INPUT MATERIAL START

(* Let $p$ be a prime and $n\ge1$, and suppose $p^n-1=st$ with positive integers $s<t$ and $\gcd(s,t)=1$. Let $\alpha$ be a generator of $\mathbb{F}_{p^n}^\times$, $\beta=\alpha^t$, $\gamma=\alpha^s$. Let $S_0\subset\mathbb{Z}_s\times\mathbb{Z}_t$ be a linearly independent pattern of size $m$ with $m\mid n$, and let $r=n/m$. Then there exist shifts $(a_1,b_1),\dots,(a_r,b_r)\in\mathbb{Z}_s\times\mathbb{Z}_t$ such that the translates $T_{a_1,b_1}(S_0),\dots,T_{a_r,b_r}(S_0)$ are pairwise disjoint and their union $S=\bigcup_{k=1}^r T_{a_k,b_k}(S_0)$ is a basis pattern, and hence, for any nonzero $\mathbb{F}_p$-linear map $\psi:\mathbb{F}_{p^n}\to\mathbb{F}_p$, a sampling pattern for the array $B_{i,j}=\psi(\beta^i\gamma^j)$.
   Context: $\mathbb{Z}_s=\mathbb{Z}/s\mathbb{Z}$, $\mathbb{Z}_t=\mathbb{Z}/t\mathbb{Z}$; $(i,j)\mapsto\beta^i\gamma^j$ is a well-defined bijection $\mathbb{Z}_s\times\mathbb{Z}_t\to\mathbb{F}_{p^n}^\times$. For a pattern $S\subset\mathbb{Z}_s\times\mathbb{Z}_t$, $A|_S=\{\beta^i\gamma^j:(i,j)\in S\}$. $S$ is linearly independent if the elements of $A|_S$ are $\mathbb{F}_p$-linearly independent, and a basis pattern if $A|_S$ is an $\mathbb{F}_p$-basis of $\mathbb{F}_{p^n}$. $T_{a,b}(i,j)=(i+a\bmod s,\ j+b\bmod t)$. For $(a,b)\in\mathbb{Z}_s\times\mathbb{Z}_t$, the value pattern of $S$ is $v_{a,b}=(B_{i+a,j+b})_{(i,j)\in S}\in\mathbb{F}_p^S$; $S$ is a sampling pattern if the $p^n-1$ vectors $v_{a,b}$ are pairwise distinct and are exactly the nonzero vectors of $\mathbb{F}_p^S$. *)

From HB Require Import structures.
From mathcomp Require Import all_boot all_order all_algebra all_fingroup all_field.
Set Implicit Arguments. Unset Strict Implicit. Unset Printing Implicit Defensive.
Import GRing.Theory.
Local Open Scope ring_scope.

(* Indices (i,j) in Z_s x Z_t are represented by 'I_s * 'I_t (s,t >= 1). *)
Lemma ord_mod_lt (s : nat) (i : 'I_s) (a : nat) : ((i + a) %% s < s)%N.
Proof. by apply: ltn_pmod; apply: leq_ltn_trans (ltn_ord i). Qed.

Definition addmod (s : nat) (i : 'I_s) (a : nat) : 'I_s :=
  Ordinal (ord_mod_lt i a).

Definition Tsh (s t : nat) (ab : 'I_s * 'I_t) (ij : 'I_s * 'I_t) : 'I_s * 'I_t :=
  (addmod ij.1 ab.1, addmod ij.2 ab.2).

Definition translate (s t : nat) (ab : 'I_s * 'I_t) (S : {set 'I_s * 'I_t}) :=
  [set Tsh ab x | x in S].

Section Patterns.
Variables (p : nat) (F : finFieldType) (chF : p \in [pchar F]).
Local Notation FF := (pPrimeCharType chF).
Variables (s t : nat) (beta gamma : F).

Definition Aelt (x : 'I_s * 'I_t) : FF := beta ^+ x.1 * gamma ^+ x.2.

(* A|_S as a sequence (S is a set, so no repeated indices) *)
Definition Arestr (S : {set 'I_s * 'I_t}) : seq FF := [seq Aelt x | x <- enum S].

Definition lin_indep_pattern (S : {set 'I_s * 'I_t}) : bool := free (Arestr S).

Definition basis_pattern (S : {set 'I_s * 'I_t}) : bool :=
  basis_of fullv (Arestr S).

INPUT MATERIAL END

PROMPT = Read the entries and pick out all lines that include the word "Variables".

TASK RESULT =
Variables (p : nat) (F : finFieldType) (chF : p \in [pchar F]).
Variables (s t : nat) (beta gamma : F).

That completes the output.